The fitness function is essential for intelligent optimization algorithms. A suitable fitness function can improve the efficiency and performance of the algorithm. Inspired by the literature [31], this paper selects quantization error as the fitness function, which can be formulated as follows:

$${\text{fitness}}=f\left({X}_{p}^{t}\right)=f\left[\left({c}_{p,1},{c}_{p,2},\dots ,{c}_{p,k}\right)\right]=\frac{\sum_{i=1}^{k}\left[\sum_{j=1}^{\left|{C}_{i}\right|}\frac{{\text{distance}}\left({x}_{j}^{i},{c}_{p,i}\right)}{\left|{C}_{i}\right|}\right]}{k},$$
(13)

where \({X}_{p}^{t}\) is the \(p\) th agent in \(t\) th iteration and \({c}_{p.k}\) is its \(k\)th element. The quantization error is also evaluated based on the structure of the clusters to some extent, which can be regarded as an internal criterion. The smaller the fitness value is, the better the solutions searched by the agent are. The indicators used in this paper also include the average fitness value, the best fitness value, the worst fitness value, and the standard deviation.

Experiment settings

In order for each algorithm to exhibit the best performance, the state-of-art algorithms selected for comparison all use the parameters suggested in the original articles, which is shown in Table 2. Among them, algorithms not mentioned in the table generally require no parameters. The parameters of SLBHA are tested and discussed in “Parameter experiment”. For the sake of fairness, the experiments are conducted by running the algorithms 30 times. The maximum number of iterations and agents are set as 100 and 20, and the fitness function of all the algorithms is set as the same one, i.e., the quantization error used in this paper. Since they run on the same standardized datasets, the values of each dimension of agents in every algorithm are in the range of [0,1].

Table 2 Parameter settings of the experiments

Parameter experiment

In the proposed algorithm, there is a parameter \(\rho \), which controls the selection of the star movement path, and its value may have an important impact on the algorithm’s exploration capability. Therefore, an experiment is designed to analyze which value of this parameter is appropriate for the algorithms. In addition to the introduced parameter \(\rho \), for the swarm intelligence algorithm, the population size \(N\) and the number of iterations \(T\) also exercise a greater influence on the performance of the algorithm. Therefore, it is necessary to design experiments to explore the values of these three parameters for this paper.

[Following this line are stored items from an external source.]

Lemma is_int_R_ext (f g : R -> R) (l : R) :
  (forall x, f x = g x) -> is_int_R f l -> is_int_R g l.
Proof. intros E. apply is_RInt_gen_ext. apply filter_forall. intros ab x _. apply E. Qed.

Lemma is_int_R_scal (f : R -> R) (a l : R) :
  is_int_R f l -> is_int_R (fun x => a * f x) (a * l).
Proof. apply (is_RInt_gen_scal f a l). Qed.

Lemma ex_RInt_continuous_R (f : R -> R) (a b : R) :
  (forall x, continuous f x) -> ex_RInt f a b.
Proof. intros H. apply (@ex_RInt_continuous R_CompleteNormedModule). intros; apply H. Qed.

Lemma RInt_le_is_int_R (s : R -> R) (S a b : R) :
  (forall x, continuous s x) -> (forall x, 0 <= s x) -> is_int_R s S ->
  a <= b -> RInt s a b <= S.
Proof.
  intros Hc Hp Hs Hab. apply Rnot_lt_le. intros Hlt.
  destruct (Hs (ball S (mkposreal _ (proj2 (Rlt_0_minus _ _) Hlt)))) as [P Q [M HM] [N HN] HPQ].
  { apply locally_ball. }
  set (a' := Rmin a (M - 1)). set (b' := Rmax b (N + 1)).
  assert (Ha' : a' <= a) by apply Rmin_l.
  assert (Hb' : b <= b') by apply Rmax_l.
  destruct (HPQ a' b') as [y [Hy Hball]].
  { apply HM. unfold a'. pose proof (Rmin_r a (M - 1)). lra. }
  { apply HN. unfold b'. pose proof (Rmax_r b (N + 1)). lra. }
  apply (@is_RInt_unique R_CompleteNormedModule) in Hy. simpl in Hy.
  assert (Hsplit : RInt s a' a + RInt s a b + RInt s b b' = RInt s a' b').
  { rewrite <- (@RInt_Chasles R_CompleteNormedModule s a' b b'),
      <- (@RInt_Chasles R_CompleteNormedModule s a' a b); auto using ex_RInt_continuous_R. }
  assert (0 <= RInt s a' a) by (apply RInt_ge_0; auto using ex_RInt_continuous_R).
  assert (0 <= RInt s b b') by (apply RInt_ge_0; auto using ex_RInt_continuous_R).
  apply Rabs_lt_between' in Hball. simpl in Hball. lra.
Qed.

Lemma RInt_ge_const (s : R -> R) (k a b : R) :
  (forall x, continuous s x) -> a <= b -> (forall x, a <= x <= b -> k <= s x) ->
  k * (b - a) <= RInt s a b.
Proof.
  intros Hc Hab Hk.
  replace (k * (b - a)) with (RInt (fun _ => k) a b)
    by (rewrite RInt_const; unfold scal; simpl; unfold mult; simpl; ring).
  apply RInt_le; auto using ex_RInt_continuous_R, continuous_const.
  intros x Hx. apply Hk. lra.
Qed.

Lemma not_is_int_R_ge_right (s : R -> R) (S k Y : R) :
  (forall x, continuous s x) -> (forall x, 0 <= s x) -> 0 < k ->
  (forall x, Y <= x -> k <= s x) -> ~ is_int_R s S.
Proof.
  intros Hc Hp Hk Hb Hs.
  set (b := Y + (Rabs S + 1) / k).
  assert (Hlen : k * (b - Y) = Rabs S + 1) by (unfold b; field; lra).
  assert (HYb : Y <= b).
  { unfold b. pose proof (Rabs_pos S).
    assert (0 < (Rabs S + 1) / k) by (apply Rdiv_lt_0_compat; lra). lra. }
  pose proof (RInt_ge_const s k Y b Hc HYb (fun x Hx => Hb x (proj1 Hx))).
  pose proof (RInt_le_is_int_R s S Y b Hc Hp Hs HYb).
  pose proof (Rle_abs S). lra.
Qed.

Lemma not_is_int_R_ge_left (s : R -> R) (S k Y : R) :
  (forall x, continuous s x) -> (forall x, 0 <= s x) -> 0 < k ->
  (forall x, x <= Y -> k <= s x) -> ~ is_int_R s S.
Proof.
  intros Hc Hp Hk Hb Hs.
  set (a := Y - (Rabs S + 1) / k).
  assert (Hlen : k * (Y - a) = Rabs S + 1) by (unfold a; field; lra).
  assert (HaY : a <= Y).
  { unfold a. pose proof (Rabs_pos S).
    assert (0 < (Rabs S + 1) / k) by (apply Rdiv_lt_0_compat; lra). lra. }
  pose proof (RInt_ge_const s k a Y Hc HaY (fun x Hx => Hb x (proj2 Hx))).
  pose proof (RInt_le_is_int_R s S a Y Hc Hp Hs HaY).
  pose proof (Rle_abs S). lra.
Qed.

Definition gauss (x : R) : R := exp (- x ^ 2).

Lemma gauss_pos (x : R) : 0 < gauss x.
Proof. apply exp_pos. Qed.

Lemma gauss_opp (x : R) : gauss (- x) = gauss x.
Proof. unfold gauss. f_equal. ring. Qed.

Lemma continuous_gauss (x : R) : continuous gauss x.
Proof.
  apply (continuous_of_is_derive _ (-2 * x * gauss x)).
  unfold gauss. auto_derive; auto. simpl. ring.
Qed.

Definition gauss_int (t : R) : R := RInt gauss 0 t.

Lemma is_derive_gauss_int (t : R) : is_derive gauss_int t (gauss t).
Proof.
  apply (is_derive_RInt gauss gauss_int 0).
  - apply filter_forall. intros b.
    apply (@RInt_correct R_CompleteNormedModule), ex_RInt_continuous_R, continuous_gauss.
  - apply continuous_gauss.
Qed.
Lemma count_single_collision r k a b : (a < b)%nat -> (b < S k)%nat ->
  sumR (seqs r (S k)) (fun h => indb (single_collision h a b)) = INR (ffn r k).
Proof.
  intros Hab Hb. rewrite (sumR_seqs_ins b k) by lia. rewrite <- count_injective.
  apply sumR_ext. intros h Hh. apply in_seqs in Hh as [L Hr].
  rewrite sumR_ext with (g := fun x => (if Nat.eq_dec (nth a h 0%nat) x then 1 else 0) *
                                     (if NoDup_dec Nat.eq_dec h then 1 else 0)).
  - rewrite sumR_scal_r, sumR_delta. lra. apply seq_NoDup.
    assert (Ha : (a < length h)%nat) by lia.
    apply in_seq. specialize (Hr _ (nth_In h 0%nat Ha)). lia.
  - intros x _. unfold single_collision, indb.
    rewrite nth_ins_lt, nth_ins_b, del_ins by lia.
    destruct (Nat.eq_dec (nth a h 0%nat) x) as [E|E];
      [rewrite (proj2 (Nat.eqb_eq _ _) E) | rewrite (proj2 (Nat.eqb_neq _ _) E)]; simpl;
      destruct (NoDup_dec Nat.eq_dec h); lra.
Qed.

Fixpoint labels_from (seen l : list nat) : list nat :=
  match l with
  | [] => seen
  | x :: l' => match Defs.pos x seen with
               | Some _ => labels_from seen l'
               | None => labels_from (seen ++ [x]) l'
               end
  end.

Definition labels (l : list nat) : list nat := labels_from [] l.

Definition label_index (x : nat) (u : list nat) : nat :=
  match Defs.pos x u with Some k => k | None => 0%nat end.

For the purpose of exploring the appropriate value of the parameter \(\rho \) while observing its influence on the algorithm and the improvement effect, the first part of the parameter experiments will discuss the settings of \(\rho \) and \(T\). In this experiment, \(\rho \) is taken within [0, 1], then the experiment selects the values of \(\rho \) by 0.1 steps. In the meanwhile, the number of iterations \(T\) is set in [100, 150], and the step length is 10. For each parameter combination pair \(\langle \rho ,T\rangle \), the experiment runs 20 times independently on 10 datasets, and then the mean results of the fitness values are summarized and plotted in Fig. 6.

Fig. 6
figure 6

Mean fitness values of part of SLBHA for different parameter combinations of parameter \(\rho \) and the number of iterations \(T\) on datasets

The abscissa of Fig. 6 represents the value of \(\rho \), with a total of 11 values, while the ordinate represents the value of total iteration numbers. It can be seen from the figure that the impact of the iteration numbers on the accuracy of the algorithm is obvious. In almost all datasets used here, the figure is gradually deepened from top to bottom. Especially in the Ionosphere dataset, the optimal solution can almost always be found when \(t\ge 50\), so its color is deeper and more average than the others. In horizontal comparison, \(\rho \) values have different effects on the performance of the algorithm. For all used datasets, it can be seen that most of the deeper positions are located in [0.4,0.6] expect some outliers, which also indicates that the influence of parameter \(\rho \) on the algorithm is not always stable. Considering the meaning of parameter \(\rho \), it represents the balance degree of the two paths in the SLBHA algorithm, and the random number used for control is generated in [0,1]. Therefore, only the logarithmic spiral path is effective when \(\rho =1\), and only the vector update path is effective when \(\rho =0\). Comparing the color depth of the left end (\(\rho =0\)), the right end (\(\rho =1\)), and the middle part (\(\rho \in \)[0.4,0.6]), the middle part is deeper than the left and right ends, indicating that too large or small of the value \(\rho \) is not suitable for the algorithm. From another perspective, it also proves that the combination of the two paths is much better than using a single path and the proportion of these two paths should be relatively balanced to achieve the optimal performance of the algorithm. According to Fig. 6, it can be found that when \(\rho =0.5\) and \(T=100\), the algorithm can achieve satisfactory performance in all datasets while saving time and space resources.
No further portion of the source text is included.